LinkedIn and Instagram and we are also on Twitter. So I think, you know, just follow our activity.

We are trying to be as helpful as possible for the entire community and to implement the

importance of mitochondrial health. As you've just heard, it's not just about getting a therapy

or a drug approved. It's been mindful to our mitochondria very early on in our life as soon as

possible. And just bring it forward because eventually what we learn and experience on our bodies

could be beneficial to others.

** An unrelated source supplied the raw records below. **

Lemma steep_telescope mu c (g : nat -> 'cV[R]_n) :
  0 <= mu -> (forall k, steep mu c (g k.+1 - g k)) ->
  forall k j, steep mu c (g (k + j)%N - g k).
Proof.
move=> mu0 hg k; elim=> [|j IH]; first by rewrite addn0 subrr /steep l1norm0 vdot0 oppr0 mulr0.
have -> : g (k + j.+1)%N - g k = (g (k + j).+1 - g (k + j)%N) + (g (k + j)%N - g k).
  by rewrite addnS addrA subrK.
exact: steepD.
Qed.

Variable m : nat.
Implicit Types A : 'M[R]_(m, n).

Definition descent_dir A c u :=
  forall v, A *m v = 0 -> conformal v u -> v != 0 -> 0 < vdot c v.

Lemma descent_dir_conformal A c u w :
  conformal w u -> descent_dir A c u -> descent_dir A c w.
Proof. by move=> wu hu v Av vw; apply: hu => //; exact: conformal_trans vw wu. Qed.

Definition elementary A u := [/\ A *m u = 0, u != 0 &
  forall v, A *m v = 0 -> supp v \subset supp u -> exists t, v = t *: u].

Lemma elementary_bound A c (J : {set 'I_n}) : exists2 mu, 0 < mu &
  forall u, elementary A u -> supp u = J -> 0 < vdot c u -> mu * l1norm u <= vdot c u.
Proof.
case: (classic (exists u0, [/\ elementary A u0, supp u0 = J & 0 < vdot c u0])); last first.
  by move=> none; exists 1 => // u *; case: none; exists u.
case=> u0 [[Au0 u0nz _] su0 cu0]; have l0 := l1norm_gt0 u0nz.
exists (vdot c u0 / l1norm u0) => [|u [Au unz hu] su cu]; first by rewrite divr_gt0.
have [t u0E] : exists t, u0 = t *: u by apply: hu; rewrite // su su0.
rewrite {}u0E vdotZ pmulr_lgt0 // in cu0 *.
have lu := l1norm_gt0 unz.
rewrite l1normZ gtr0_norm // -mulf_div divff ?gt_eqF // mul1r divfK ?gt_eqF //.
Qed.

Lemma fintype_pos_uniform (T : finType) (Q : T -> R -> Prop) :
  (forall t, exists2 e, 0 < e & Q t e) ->
  (forall t e e', Q t e -> 0 < e' -> e' <= e -> Q t e') ->
  exists2 e, 0 < e & forall t, Q t e.
Proof.
move=> hex hmon.
suff [e e0 he] : exists2 e, 0 < e & forall t, t \in enum T -> Q t e.
  by exists e => // t; apply: he; rewrite mem_enum.
elim: (enum T) => [|a s [e e0 he]]; first by exists 1.
have [ea ea0 hea] := hex a.
have emin0 : 0 < Num.min e ea by rewrite lt_min e0 ea0.
exists (Num.min e ea) => // t; rewrite inE => /predU1P [-> | ts].
  by apply: hmon hea _ _; rewrite // ge_min lexx orbT.
by apply: hmon (he t ts) _ _; rewrite // ge_min lexx.
Qed.

Lemma elementary_uniform_bound A c : exists2 mu, 0 < mu &
  forall u, elementary A u -> 0 < vdot c u -> mu * l1norm u <= vdot c u.
Proof.
have [mu mu0 hmu] := @fintype_pos_uniform _
  (fun J e => forall u, elementary A u -> supp u = J -> 0 < vdot c u ->
                        e * l1norm u <= vdot c u)
  (elementary_bound A c)
  (fun J e e' h _ le u eu su cu => le_trans (ler_wpM2r (l1norm_ge0 u) le) (h u eu su cu)).
by exists mu => // u eu; apply: hmu.
Qed.

(* Removing the extreme multiples r_min u and r_max u of u from a kernel vector
   v that is not proportional to u splits a positive multiple of u into two
   kernel vectors conformal to u with strictly smaller support. *)
Lemma kernel_split A u v :
  A *m u = 0 -> A *m v = 0 -> supp v \subset supp u -> (forall t, v != t *: u) ->
  exists w1 w2 t, [/\ 0 < t, t *: u = w1 + w2,
    [/\ A *m w1 = 0, conformal w1 u & supp w1 \proper supp u] &
    [/\ A *m w2 = 0, conformal w2 u & supp w2 \proper supp u]].
Proof.
move=> Au Av vu nmul; set r := fun i => v i 0 / u i 0.
have vE : forall i, v i 0 = r i * u i 0 := supp_ratioE vu.
have [i0 i0u] : exists i0, i0 \in supp u.
  apply/set0Pn/negP => /eqP su0; case/eqP: (nmul 0); apply/matrixP => i j.
  have := in_set0 i; rewrite -su0 inE ord1 !mxE vE => /negbFE/eqP ->.
  by rewrite !mulr0.
case: (arg_minP r i0u) => jmin jminu minr; case: (arg_maxP r i0u) => jmax jmaxu maxr.
have rlt : r jmin < r jmax.
  rewrite ltNge; apply/negP => hle; case/eqP: (nmul (r jmin)).
  apply/matrixP => i j; rewrite ord1 mxE vE.
  have [iu | ] := boolP (i \in supp u); last by rewrite inE negbK => /eqP ->; rewrite !mulr0.
  by congr (_ * _); apply/le_anti; rewrite minr // (le_trans (maxr i iu)).
exists (v - r jmin *: u), (r jmax *: u - v), (r jmax - r jmin).
have Aw (a : R) : A *m (v - a *: u) = 0 /\ A *m (a *: u - v) = 0.
  by rewrite !mulmxBr -!scalemxAr Au Av scaler0 subrr.
split; first by rewrite subr_gt0.
- by rewrite scalerBl [RHS]addrC addrA subrK.
- have w1E i : (v - r jmin *: u) i 0 = (r i - r jmin) * u i 0 by rewrite !mxE vE; ring.
  have [] := conformal_scale_proper w1E _ jminu (subrr _).
    by move=> i iu; rewrite subr_ge0 minr.
  by split=> //; exact: (Aw _).1.
- have w2E i : (r jmax *: u - v) i 0 = (r jmax - r i) * u i 0 by rewrite !mxE vE; ring.
  have [] := conformal_scale_proper w2E _ jmaxu (subrr _).
    by move=> i iu; rewrite subr_ge0; exact: maxr.
  by split=> //; exact: (Aw _).2.
Qed.

Lemma descent_dir_bound A c : exists2 mu, 0 < mu &
  forall u, A *m u = 0 -> descent_dir A c u -> mu * l1norm u <= vdot c u.
Proof.
have [mu mu0 hmu] := elementary_uniform_bound A c.
exists mu => // u; move: {2}#|supp u|.+1 (ltnSn #|supp u|) => k.
elim: k u => [//|k IH] u hk Au hu.
have [-> | unz] := eqVneq u 0; first by rewrite l1norm0 vdot0 mulr0.
case: (classic (elementary A u)) => [eu | neu].
  by apply: hmu => //; apply: hu => //; exact: conformal_refl.
have [v [Av vu nmul]] : exists v, [/\ A *m v = 0, supp v \subset supp u &
                                       forall t, v != t *: u].
  apply: NNPP => none; apply: neu; split=> // v Av vu.
  apply: NNPP => nt; apply: none; exists v; split=> // t.
  by apply/eqP => vt; apply: nt; exists t.
have [w1 [w2 [t [t0 tu [A1 c1 p1] [A2 c2 p2]]]]] := kernel_split Au Av vu nmul.
have b1 := IH w1 (leq_trans (proper_card p1) hk) A1 (descent_dir_conformal c1 hu).
have b2 := IH w2 (leq_trans (proper_card p2) hk) A2 (descent_dir_conformal c2 hu).
rewrite -(ler_pM2l t0) mulrCA -[t in t * l1norm u]gtr0_norm // -l1normZ -vdotZ tu vdotD.
by apply: le_trans (ler_wpM2l (ltW mu0) (l1normD _ _)) _; rewrite mulrDr lerD.
Qed.

End L1Geometry.

Section AffineScaling.
Variables (R : archiRcfType) (m n : nat) (A : 'M[R]_(m, n)) (c : 'cV[R]_n).
Implicit Types (x u v : 'cV[R]_n) (mu : R).

Lemma cost_vdot v : cost c v = vdot c v.
Proof. by rewrite vdotE. Qed.

Lemma enorm_le_l1norm v : enorm v <= l1norm v.
Proof.
rewrite /enorm -(ger0_norm (l1norm_ge0 v)) -sqrtr_sqr; apply: ler_wsqrtr.
rewrite expr2 mulr_suml; apply: ler_sum => i _.
by rewrite -real_normK ?num_real // expr2 ler_wpM2l ?norm_le_l1norm.
Qed.

Lemma norm_le_enorm v i : `|v i 0| <= enorm v.
Proof.
rewrite /enorm -sqrtr_sqr; apply: ler_wsqrtr.
by rewrite (bigD1 i) //= lerDl sumr_ge0 // => j _; exact: sqr_ge0.
Qed.

Lemma l1norm_le_enorm v : l1norm v <= n%:R * enorm v.
Proof.
rewrite /l1norm mulr_natl -[n in _ *+ n]card_ord -sumr_const.
by apply: ler_sum => i _; exact: norm_le_enorm.
Qed.

Lemma steep_closed mu y z (h : nat -> 'cV[R]_n) : 0 <= mu ->
  (forall j, steep mu c (h j - y)) ->
  (forall eps, 0 < eps -> exists J, forall j, (J <= j)%N -> enorm (h j - z) < eps) ->
  steep mu c (z - y).
Proof.
move=> mu0 hs hlim; rewrite /steep -subr_le0; apply/ler_addgt0Pr => e e0.
set K := n%:R * (mu + l1norm c) + 1.
have mc0 : 0 <= mu + l1norm c by rewrite addr_ge0 // l1norm_ge0.
have K0 : 0 < K by rewrite ltr_pwDr // mulr_ge0.
have [J hJ] := hlim (e / K) (divr_gt0 e0 K0).
have hJe : enorm (h J - z) * K < e by rewrite -ltr_pdivlMr // hJ.
have close : (mu + l1norm c) * l1norm (z - h J) <= enorm (h J - z) * K.
  rewrite l1normB; apply: le_trans (ler_wpM2l mc0 (l1norm_le_enorm _)) _.
  have -> : (mu + l1norm c) * (n%:R * enorm (h J - z)) =
            enorm (h J - z) * (n%:R * (mu + l1norm c)) by ring.
  by rewrite ler_wpM2l ?sqrtr_ge0 ?lerDl.
have := steep_defect_lipschitz c (h J - y) (z - y) mu0.
have -> : z - y - (h J - y) = z - h J by rewrite opprB addrA subrK.
have := hs J; rewrite /steep.
lra.
Qed.

Lemma Xsq_mulE x v i : (Xsq x *m v) i 0 = x i 0 ^+ 2 * v i 0.
Proof. by rewrite /Xsq mul_diag_mx !mxE. Qed.

Lemma unitmx_AXsqAt x : \rank A = m -> (forall i, x i 0 != 0) ->
  A *m Xsq x *m A^T \in unitmx.
Proof.
move=> rA x0; rewrite -row_free_unit; apply: inj_row_free => z hz.
set w := z *m A.
have quad0 : \sum_j (w 0 j ^+ 2 * x j 0 ^+ 2) = 0.
  have : (w *m Xsq x *m w^T) 0 0 = 0.
    by rewrite trmx_mul !mulmxA -(mulmxA z) -(mulmxA z) hz mul0mx mxE.
  rewrite /Xsq mul_mx_diag mxE => h; rewrite -[RHS]h.
  by apply: eq_bigr => j _; rewrite !mxE; ring.
have w0 j : w 0 j = 0.
  have nn i : true -> 0 <= w 0 i ^+ 2 * x i 0 ^+ 2 by rewrite mulr_ge0 ?sqr_ge0.
  move/eqP: (psumr_eq0P nn quad0 (i := j) isT).
  by rewrite mulf_eq0 !expf_eq0 /= (negbTE (x0 j)) orbF => /eqP.
have : z *m A = 0 by apply/matrixP => i j; rewrite ord1 w0 mxE.
by move/eqP; rewrite mulmx_free_eq0 ?/row_free ?rA // => /eqP.
Qed.

Lemma mulmx_Xsq_slack x : A *m Xsq x *m A^T \in unitmx ->
  A *m (Xsq x *m slack A c x) = 0.
Proof.
move=> hu; rewrite /slack /dual_y mulmxBr mulmxA mulmxBr !mulmxA.
by rewrite mulmxV // mul1mx subrr.
Qed.

Lemma vdot_slack x v : A *m v = 0 -> vdot c v = vdot (slack A c x) v.
Proof.
move=> Av; rewrite !vdotE /slack linearB /= mulmxBl trmx_mul trmxK -mulmxA Av.
by rewrite mulmx0 subr0.
Qed.

(* Against kernel vectors c acts as the slack s, and a vector conformal to
   X^2 s has v_i s_i >= 0 for every i. *)
Lemma descent_dir_Xsq_slack x : (forall i, x i 0 != 0) ->
  A *m Xsq x *m A^T \in unitmx -> descent_dir A c (Xsq x *m slack A c x).
Proof.
move=> x0 hu v Av vu /col_neq0 [i0 vi0]; rewrite (vdot_slack x Av).
set s := slack A c x.
have xsq i : 0 < x i 0 ^+ 2 by rewrite exprn_even_gt0 //= x0.
have sv i : v i 0 * (Xsq x *m s) i 0 = x i 0 ^+ 2 * (s i 0 * v i 0).
  by rewrite Xsq_mulE; ring.
have sv_ge0 i : 0 <= s i 0 * v i 0 by rewrite -(pmulr_rge0 _ (xsq i)) -sv; case: (vu i).
have sv_gt0 : 0 < s i0 0 * v i0 0.
  rewrite -(pmulr_rgt0 _ (xsq i0)) -sv lt0r (vu i0).1 andbT mulf_neq0 //.
  by apply: contra vi0 => /eqP /(vu i0).2 ->.
rewrite /vdot (bigD1 i0) //= ltr_pwDl //; exact: sumr_ge0.
Qed.

Section Steepness.
Variables (mu : R) (mu_bound : forall u, A *m u = 0 -> descent_dir A c u ->
                                   mu * l1norm u <= vdot c u).

Lemma afs_step_steep alpha x : \rank A = m -> (forall i, 0 < x i 0) -> 0 <= alpha ->
  steep mu c (afs_step A c alpha x).
Proof.
move=> rA x0 a0; have x0' i : x i 0 != 0 by rewrite gt_eqF.
have hu := unitmx_AXsqAt rA x0'.
have g0 : 0 <= alpha / gam (Xmul x (slack A c x)) by rewrite divr_ge0 // bigmax_ge_id.
apply/steepN; rewrite l1normZ vdotZ ger0_norm // mulrCA ler_wpM2l //.
by apply: mu_bound; [exact: mulmx_Xsq_slack | exact: descent_dir_Xsq_slack].
Qed.

Lemma gafs_steep alpha beta x0 : \rank A = m -> 0 <= mu -> 0 <= alpha -> 0 <= beta ->
  (forall k i, 0 < gafs A c alpha beta x0 k i 0) ->
  forall k, steep mu c (gafs A c alpha beta x0 k.+1 - gafs A c alpha beta x0 k).
Proof.
move=> rA mu0 a0 b0 hpos; rewrite /gafs; elim=> [|k IH] /=.
  by rewrite addrAC subrr add0r; apply: afs_step_steep => //; exact: (hpos 0%N).
move: IH; set p := gafs_pair A c alpha beta x0 k => IH.
rewrite addrAC [p.2 + _]addrC addrK; apply: steepD => //.
  by apply: afs_step_steep => //; exact: (hpos k.+1).
by apply: steepZ IH; rewrite divr_ge0 // bigmax_ge_id.
Qed.

Lemma gafs_gap_bound alpha beta x0 xstar :
  \rank A = m -> 0 <= mu -> 0 <= alpha -> 0 <= beta ->
  (forall k i, 0 < gafs A c alpha beta x0 k i 0) ->
  (forall eps, 0 < eps -> exists K, forall k, (K <= k)%N ->
       enorm (gafs A c alpha beta x0 k - xstar) < eps) ->
  forall k, let x := gafs A c alpha beta x0 k in
    mu * l1norm (x - xstar) <= cost c x - cost c xstar.
Proof.
move=> rA mu0 a0 b0 hpos hlim k /=; set x := gafs A c alpha beta x0.
have := @steep_closed mu (x k) xstar (fun j => x (k + j)%N) mu0.
rewrite /steep l1normB !cost_vdot vdotB opprB; apply.
  exact: steep_telescope mu0 (gafs_steep rA mu0 a0 b0 hpos) k.
by move=> e /hlim [K hK]; exists K => j Kj; apply: hK; exact: leq_trans Kj (leq_addl _ _).
Qed.

End Steepness.

End AffineScaling.

Theorem theorem5 (R : archiRcfType) (m n : nat)
    (A : 'M[R]_(m, n)) (b : 'cV[R]_m) (c : 'cV[R]_n)
    (alpha beta : R) (x0 xstar : 'cV[R]_n) :
  \rank A = m ->
  (exists x : 'cV[R]_n, A *m x = b /\ forall i, 0 < x i 0) ->
  (exists x1 x2 : 'cV[R]_n, feasible A b x1 /\ feasible A b x2 /\
                            cost c x1 <> cost c x2) ->
  (exists xo : 'cV[R]_n, feasible A b xo /\
       forall z, feasible A b z -> cost c xo <= cost c z) ->
  inQ alpha beta ->
  (forall i, 0 < x0 i 0) -> A *m x0 = b ->
  (forall k i, 0 < gafs A c alpha beta x0 k i 0) ->
  (forall k, exists i, 0 < Xmul (gafs A c alpha beta x0 k)
                              (slack A c (gafs A c alpha beta x0 k)) i 0) ->
  (forall k, gafs A c alpha beta x0 k.+1 != gafs A c alpha beta x0 k) ->
  (forall eps : R, 0 < eps -> exists K : nat, forall k, (K <= k)%N ->
       enorm (gafs A c alpha beta x0 k - xstar) < eps) ->
  exists delta Rb : R, 0 < delta /\ 0 < Rb /\
    forall k : nat,
      let xk := gafs A c alpha beta x0 k in
      let gap := cost c xk - cost c xstar in
      enorm (xk - xstar) <= Rb * gap /\
      delta * (\sum_(i < n | xstar i 0 == 0) xk i 0) <= gap /\
      delta * (\sum_(i < n | 0 < xstar i 0) `|xk i 0 - xstar i 0|) <= gap.
Proof.
move=> rA _ _ _ [/andP [a0 _] [b0 _]] _ _ hpos _ _ hlim.
have [mu mu0 mu_bound] := descent_dir_bound A c.
exists mu, mu^-1; split=> //; split=> [|k]; first by rewrite invr_gt0.
have gap_bound := gafs_gap_bound mu_bound rA (ltW mu0) (ltW a0) b0 hpos hlim k.
set x := gafs A c alpha beta x0 k in gap_bound *.
have sum_le P : mu * \sum_(i | P i) `|x i 0 - xstar i 0| <= cost c x - cost c xstar.
  apply: le_trans gap_bound; rewrite ler_wpM2l ?(ltW mu0) //.
  apply: le_trans (sum_norm_le_l1norm P (x - xstar)).
  by apply: ler_sum => i _; rewrite !mxE.
rewrite /= -(ler_pM2l mu0) mulrA mulfV ?gt_eqF // mul1r; split.
  exact: le_trans (ler_wpM2l (ltW mu0) (enorm_le_l1norm _)) gap_bound.
split; last exact: sum_le.
apply: le_trans (sum_le (fun i => xstar i 0 == 0)); rewrite ler_wpM2l ?(ltW mu0) //.
by apply: ler_sum => i /eqP ->; rewrite subr0 ler_norm.
Qed.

So share that information, follow what we do and give us feedback

and send questions. There is an info at MinoviaTX.com. Feel free to write to us and ask

and questions. We find the time to answer everyone. So do that. That's amazing. Thank you so much.

This has been, I can really, you know, I'm always, I'm always interested in my topics, but this one

got me. So we will remain Natalie, maybe in a year or two when you've had your next couple of

breakthroughs. And I think people will be waiting for that episode. I know I am. Thank you so

much. Thank you. It was a pleasure. If folks, just a quick reminder that all of the information

presented in this podcast is for information purposes only, no medical advice, no diagnosing,

no treatments suggested here. Before you try anything that you hear about or learn about here,

make sure that you check with your medical provider.